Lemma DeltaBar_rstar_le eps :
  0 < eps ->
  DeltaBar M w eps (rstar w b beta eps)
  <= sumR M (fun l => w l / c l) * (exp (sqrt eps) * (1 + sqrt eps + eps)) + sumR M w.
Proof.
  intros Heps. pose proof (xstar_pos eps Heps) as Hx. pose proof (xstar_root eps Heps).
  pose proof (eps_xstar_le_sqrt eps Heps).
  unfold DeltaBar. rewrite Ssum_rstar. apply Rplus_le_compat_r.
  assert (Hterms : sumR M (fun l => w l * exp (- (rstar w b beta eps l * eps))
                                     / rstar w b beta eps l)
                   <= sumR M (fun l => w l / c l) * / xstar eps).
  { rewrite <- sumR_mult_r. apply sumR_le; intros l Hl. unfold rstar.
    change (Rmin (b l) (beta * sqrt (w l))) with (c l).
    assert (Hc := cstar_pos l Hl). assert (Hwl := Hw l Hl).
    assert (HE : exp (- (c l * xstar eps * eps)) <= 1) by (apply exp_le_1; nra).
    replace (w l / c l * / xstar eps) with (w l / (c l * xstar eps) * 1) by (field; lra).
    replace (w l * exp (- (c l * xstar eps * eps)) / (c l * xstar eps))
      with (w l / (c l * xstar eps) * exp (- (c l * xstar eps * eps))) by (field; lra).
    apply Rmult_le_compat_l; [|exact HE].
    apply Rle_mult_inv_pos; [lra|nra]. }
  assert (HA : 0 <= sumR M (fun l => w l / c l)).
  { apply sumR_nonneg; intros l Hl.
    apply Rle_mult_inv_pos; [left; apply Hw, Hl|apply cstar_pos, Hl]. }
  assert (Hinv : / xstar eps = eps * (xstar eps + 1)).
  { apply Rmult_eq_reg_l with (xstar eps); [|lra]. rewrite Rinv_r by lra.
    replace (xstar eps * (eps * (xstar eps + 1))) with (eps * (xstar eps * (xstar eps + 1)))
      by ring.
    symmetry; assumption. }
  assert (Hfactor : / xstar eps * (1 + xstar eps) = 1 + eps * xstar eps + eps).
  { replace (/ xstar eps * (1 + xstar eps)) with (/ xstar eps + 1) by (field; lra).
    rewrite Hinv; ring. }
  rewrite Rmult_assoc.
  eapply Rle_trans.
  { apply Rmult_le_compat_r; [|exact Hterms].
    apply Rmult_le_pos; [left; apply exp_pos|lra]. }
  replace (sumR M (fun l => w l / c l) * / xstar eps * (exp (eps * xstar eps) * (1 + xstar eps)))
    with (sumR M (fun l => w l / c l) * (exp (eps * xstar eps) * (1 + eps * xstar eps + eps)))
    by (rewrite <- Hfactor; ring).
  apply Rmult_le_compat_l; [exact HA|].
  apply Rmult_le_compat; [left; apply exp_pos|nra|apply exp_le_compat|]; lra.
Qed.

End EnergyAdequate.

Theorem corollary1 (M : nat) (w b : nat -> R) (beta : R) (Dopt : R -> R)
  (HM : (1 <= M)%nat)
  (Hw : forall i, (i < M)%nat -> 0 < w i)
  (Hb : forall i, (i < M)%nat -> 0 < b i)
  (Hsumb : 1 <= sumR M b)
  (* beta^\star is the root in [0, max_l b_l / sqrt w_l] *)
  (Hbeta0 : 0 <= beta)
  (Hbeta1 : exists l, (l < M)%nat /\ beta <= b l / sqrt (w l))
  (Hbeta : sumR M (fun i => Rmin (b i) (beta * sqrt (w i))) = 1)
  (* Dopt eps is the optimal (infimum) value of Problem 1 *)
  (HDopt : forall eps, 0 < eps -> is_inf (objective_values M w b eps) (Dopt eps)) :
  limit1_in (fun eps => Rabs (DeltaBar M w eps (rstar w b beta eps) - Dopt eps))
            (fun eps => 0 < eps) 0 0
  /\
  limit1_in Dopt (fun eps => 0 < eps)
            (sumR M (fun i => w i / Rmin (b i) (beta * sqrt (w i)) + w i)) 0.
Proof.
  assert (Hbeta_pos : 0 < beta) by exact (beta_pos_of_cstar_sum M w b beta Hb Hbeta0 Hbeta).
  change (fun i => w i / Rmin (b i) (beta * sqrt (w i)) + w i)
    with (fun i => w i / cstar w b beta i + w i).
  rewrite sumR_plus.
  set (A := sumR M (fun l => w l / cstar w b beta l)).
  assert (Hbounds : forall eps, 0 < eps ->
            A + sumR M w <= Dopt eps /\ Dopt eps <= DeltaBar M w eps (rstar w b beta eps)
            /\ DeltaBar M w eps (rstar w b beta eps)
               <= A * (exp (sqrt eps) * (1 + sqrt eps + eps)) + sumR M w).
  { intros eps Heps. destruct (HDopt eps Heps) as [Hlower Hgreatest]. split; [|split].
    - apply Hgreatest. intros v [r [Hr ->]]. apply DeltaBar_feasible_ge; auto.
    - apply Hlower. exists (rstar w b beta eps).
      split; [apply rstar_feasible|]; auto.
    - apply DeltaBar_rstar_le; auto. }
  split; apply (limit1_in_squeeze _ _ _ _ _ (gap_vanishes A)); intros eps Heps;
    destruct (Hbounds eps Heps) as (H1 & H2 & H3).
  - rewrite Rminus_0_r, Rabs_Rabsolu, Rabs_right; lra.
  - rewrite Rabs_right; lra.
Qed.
==*==
Task description: Retype only the lines above between the line with "limit1_in (fun eps" and the line with "split; [apply rstar_feasible|]; auto.", counting those two lines as well, and keep every character as it is.

The answer:
  limit1_in (fun eps => Rabs (DeltaBar M w eps (rstar w b beta eps) - Dopt eps))
            (fun eps => 0 < eps) 0 0
  /\
  limit1_in Dopt (fun eps => 0 < eps)
            (sumR M (fun i => w i / Rmin (b i) (beta * sqrt (w i)) + w i)) 0.
Proof.
  assert (Hbeta_pos : 0 < beta) by exact (beta_pos_of_cstar_sum M w b beta Hb Hbeta0 Hbeta).
  change (fun i => w i / Rmin (b i) (beta * sqrt (w i)) + w i)
    with (fun i => w i / cstar w b beta i + w i).
  rewrite sumR_plus.
  set (A := sumR M (fun l => w l / cstar w b beta l)).
  assert (Hbounds : forall eps, 0 < eps ->
            A + sumR M w <= Dopt eps /\ Dopt eps <= DeltaBar M w eps (rstar w b beta eps)
            /\ DeltaBar M w eps (rstar w b beta eps)
               <= A * (exp (sqrt eps) * (1 + sqrt eps + eps)) + sumR M w).
  { intros eps Heps. destruct (HDopt eps Heps) as [Hlower Hgreatest]. split; [|split].
    - apply Hgreatest. intros v [r [Hr ->]]. apply DeltaBar_feasible_ge; auto.
    - apply Hlower. exists (rstar w b beta eps).
      split; [apply rstar_feasible|]; auto.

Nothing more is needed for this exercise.